Exercise data below:

(* For every integer $m$, $G_{m-1}(\lambda)=\frac{\lambda}{1-\lambda}\,G_m'(\lambda)$ as formal power series in $\lambda$, where $G_m'$ denotes the formal derivative with respect to $\lambda$.
   Context: For an integer $m$ let $R_m(z)=\sum_{n\ge1} n^{n-m}\frac{z^n}{n!}$, a formal power series in $z$. Let $T(z)=\sum_{n\ge1}n^{n-1}\frac{z^n}{n!}$ (the tree function); it satisfies $T(z)=z e^{T(z)}$, so its compositional inverse is $z=\lambda e^{-\lambda}$. Define the formal power series $G_m(\lambda):=R_m(\lambda e^{-\lambda})$, so that $G_m(T(z))=R_m(z)$. *)

From mathcomp Require Import all_boot all_order all_algebra.
Set Implicit Arguments. Unset Strict Implicit. Unset Printing Implicit Defensive.
Import Order.TTheory GRing.Theory Num.Theory.
Local Open Scope ring_scope.

(* formal power series: f n = coefficient of x^n *)
Definition fps := nat -> rat.

Definition fps_mul (f g : fps) : fps :=
  fun n => \sum_(i < n.+1) f i * g (n - i)%N.

Definition fps_one : fps := fun n => if n is 0%N then 1 else 0.

Fixpoint fps_pow (f : fps) (k : nat) : fps :=
  if k is k'.+1 then fps_mul f (fps_pow f k') else fps_one.

Definition fps_deriv (f : fps) : fps := fun n => n.+1%:R * f n.+1.

(* composition f(h) for h with zero constant term: since h^k has no terms of
   degree < k, the coefficient of x^n in sum_k f_k h^k is the finite sum below *)
Definition fps_comp (f h : fps) : fps :=
  fun n => \sum_(k < n.+1) f k * fps_pow h k n.

Definition Rser (m : int) : fps :=
  fun n => if n is 0%N then 0 else (n%:R : rat) ^ (n%:Z - m) / (n`!)%:R.

(* lambda * e^{-lambda} = sum_{n>=1} (-1)^(n-1) lambda^n / (n-1)! *)
Definition lam_exp_neg_lam : fps :=
  fun n => if n is n'.+1 then (-1) ^+ n' / (n'`!)%:R else 0.

Definition Gser (m : int) : fps := fps_comp (Rser m) lam_exp_neg_lam.

Definition lam_over_one_minus_lam : fps :=
  fun n => if n is 0%N then 0 else 1.

From mathcomp Require Import all_boot all_order all_algebra.
From mathcomp Require Import ring zify.
From Stdlib Require Import FunctionalExtensionality.
Set Implicit Arguments. Unset Strict Implicit. Unset Printing Implicit Defensive.
Import Order.TTheory GRing.Theory Num.Theory.
Local Open Scope ring_scope.

(* Coefficientwise R_(m-1) = z R_m', i.e. R_(m-1) is the Euler operator z d/dz
   applied to R_m.  Under the substitution z = h(lambda) := lambda e^(-lambda)
   the Euler operator becomes (h / h') d/dlambda, and h / h' = lambda/(1-lambda).
   Formally: if a h' = h then a (f o h)' = (z f') o h, because a (h^k)' = k h^k;
   the latter is checked on polynomial truncations, where the chain rule for
   powers is available. *)

Definition fps_trunc (N : nat) (f : fps) : {poly rat} := \poly_(i < N) f i.

Lemma coef_fps_trunc N f i : (fps_trunc N f)`_i = if (i < N)%N then f i else 0.
Proof. exact: coef_poly. Qed.

Lemma coef_fps_truncM N f g n :
  (n < N)%N -> (fps_trunc N f * fps_trunc N g)`_n = fps_mul f g n.
Proof.
move=> ltnN; rewrite coefM; apply: eq_bigr => i _.
by rewrite !coef_fps_trunc !ifT //; have := ltn_ord i; lia.
Qed.

Lemma coef_fps_truncX N f k n :
  (n < N)%N -> (fps_trunc N f ^+ k)`_n = fps_pow f k n.
Proof.
elim: k n => [|k IHk] n ltnN; first by rewrite expr0 coef1; case: n ltnN.
rewrite exprS coefM; apply: eq_bigr => i _.
by rewrite coef_fps_trunc ifT ?IHk //; have := ltn_ord i; lia.
Qed.

Lemma fps_trunc_pow N f k :
  fps_trunc N (fps_pow f k) = take_poly N (fps_trunc N f ^+ k).
Proof.
apply/polyP => i; rewrite coef_fps_trunc coef_take_poly.
by case: ifP => // /coef_fps_truncX ->.
Qed.

Lemma deriv_fps_trunc N f : (fps_trunc N.+1 f)^`() = fps_trunc N (fps_deriv f).
Proof.
apply/polyP => i; rewrite coef_deriv !coef_fps_trunc ltnS.
by case: ifP; rewrite ?mul0rn // -mulr_natl.
Qed.

Lemma deriv_take_poly (R : nzRingType) N (p : {poly R}) :
  (take_poly N.+1 p)^`() = take_poly N p^`().
Proof.
apply/polyP => i; rewrite coef_deriv !coef_take_poly ltnS.
by case: ifP; rewrite ?mul0rn // coef_deriv.
Qed.

Lemma coefM_take_polyr (R : nzRingType) N (p q : {poly R}) n :
  (n < N)%N -> (p * take_poly N q)`_n = (p * q)`_n.
Proof.
move=> ltnN; rewrite !coefM; apply: eq_bigr => i _.
by rewrite coef_take_poly ifT //; have := ltn_ord i; lia.
Qed.

Lemma fps_pow_eq0 f k n : f 0%N = 0 -> (n < k)%N -> fps_pow f k n = 0.
Proof.
move=> f0; elim: k n => [|k IHk] n // ltnk /=.
rewrite /fps_mul big1 // => i _.
case: (posnP i) => [->|i_gt0]; first by rewrite f0 mul0r.
by rewrite IHk ?mulr0 //; have := ltn_ord i; lia.
Qed.

Lemma fps_compE f h N n : h 0%N = 0 -> (n < N)%N ->
  fps_comp f h n = \sum_(k < N) f k * fps_pow h k n.
Proof.
move=> h0 ltnN; rewrite /fps_comp.
rewrite (big_ord_widen N (fun k => f k * fps_pow h k n) ltnN) big_mkcond /=; apply: eq_bigr => k _.
by case: ltnP => // lenk; rewrite fps_pow_eq0 ?mulr0.
Qed.

Lemma fps_mul_deriv_pow a f k n : fps_mul a (fps_deriv f) = f ->
  fps_mul a (fps_deriv (fps_pow f k)) n = k%:R * fps_pow f k n.
Proof.
move=> Ef.
set l := fps_trunc n.+1 a; set p := fps_trunc n.+2 f.
have Elp : take_poly n.+1 (l * p^`()) = take_poly n.+1 p.
  apply/polyP => i; rewrite !coef_take_poly; case: ifP => // lti.
  rewrite deriv_fps_trunc coef_fps_truncM // Ef coef_fps_trunc ifT //; lia.
rewrite -(coef_fps_truncM _ _ (ltnSn n)) -deriv_fps_trunc fps_trunc_pow.
rewrite deriv_take_poly coefM_take_polyr // deriv_exp -/l -/p.
rewrite mulrnAr coefMn mulrA mulrC -(coefM_take_polyr _ _ (ltnSn n)) Elp.
rewrite coefM_take_polyr // mulr_natl; case: k => [|k] //.
by rewrite -exprSr coef_fps_truncX.
Qed.

Lemma fps_mul_deriv_comp a f h : h 0%N = 0 -> fps_mul a (fps_deriv h) = h ->
  fps_mul a (fps_deriv (fps_comp f h)) = fps_comp (fun k => k%:R * f k) h.
Proof.
move=> h0 Eh; apply: functional_extensionality => n.
transitivity (\sum_(i < n.+1) \sum_(k < n.+2)
    f k * (a i * ((n - i).+1%:R * fps_pow h k (n - i).+1))).
  apply: eq_bigr => i _.
  rewrite /fps_deriv (fps_compE _ (N := n.+2) h0) ?ltnS ?leq_subr //.
  by rewrite !mulr_sumr; apply: eq_bigr => k _; ring.
rewrite exchange_big [RHS](fps_compE _ (N := n.+2) h0) //; apply: eq_bigr => k _.
rewrite -mulr_sumr -[\sum_i _]/(fps_mul a (fps_deriv (fps_pow h k)) n).
by rewrite fps_mul_deriv_pow // mulrCA mulrA.
Qed.

Lemma fps_mul_lam_over_one_minus_lamS g j :
  fps_mul lam_over_one_minus_lam g j.+1 = \sum_(i < j.+1) g i.
Proof.
rewrite /fps_mul big_ord_recl mul0r add0r (reindex_inj rev_ord_inj) /=.
apply: eq_bigr => i _; rewrite mul1r.
by congr g; have := ltn_ord i; rewrite /bump; lia.
Qed.

Lemma lam_exp_neg_lamS j :
  lam_exp_neg_lam j.+1 = \sum_(i < j.+1) fps_deriv lam_exp_neg_lam i.
Proof.
elim: j => [|j IHj]; first by rewrite big_ord1 /fps_deriv /= mul1r.
rewrite big_ord_recr -IHj /fps_deriv /= !factS !natrM exprS.
have jfact_neq0 : (j`!)%:R != 0 :> rat by rewrite pnatr_eq0 -lt0n fact_gt0.
rewrite -[(j.+2)%:R]natr1; field.
by rewrite jfact_neq0 addrC natr1 pnatr_eq0.
Qed.

Lemma fps_mul_deriv_lam_exp_neg_lam :
  fps_mul lam_over_one_minus_lam (fps_deriv lam_exp_neg_lam) = lam_exp_neg_lam.
Proof.
apply: functional_extensionality => -[|j]; first by rewrite /fps_mul big_ord1 mul0r.
by rewrite fps_mul_lam_over_one_minus_lamS lam_exp_neg_lamS.
Qed.

Lemma Rser_subr1 m k : Rser (m - 1) k = k%:R * Rser m k.
Proof.
case: k => [|k] /=; first by rewrite mulr0.
have -> : (Posz k.+1 - (m - 1))%R = (Posz k.+1 - m) + 1 by ring.
by rewrite exprzDr ?expr1z ?unitfE ?pnatr_eq0 //; ring.
Qed.

Theorem corollary1 (m : int) :
  Gser (m - 1) = fps_mul lam_over_one_minus_lam (fps_deriv (Gser m)).
Proof.
rewrite /Gser fps_mul_deriv_comp //; last exact: fps_mul_deriv_lam_exp_neg_lam.
by congr fps_comp; apply: functional_extensionality => k; exact: Rser_subr1.
Qed.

End of Exercise data.

Task directions: Reproduce only the lines above spanning from the line containing "fun n => if n is 0%N then 0 else 1." through the line containing "applied to R_m.", word for word.

Answer to the exercise:
  fun n => if n is 0%N then 0 else 1.

From mathcomp Require Import all_boot all_order all_algebra.
From mathcomp Require Import ring zify.
From Stdlib Require Import FunctionalExtensionality.
Set Implicit Arguments. Unset Strict Implicit. Unset Printing Implicit Defensive.
Import Order.TTheory GRing.Theory Num.Theory.
Local Open Scope ring_scope.

(* Coefficientwise R_(m-1) = z R_m', i.e. R_(m-1) is the Euler operator z d/dz
   applied to R_m.  Under the substitution z = h(lambda) := lambda e^(-lambda)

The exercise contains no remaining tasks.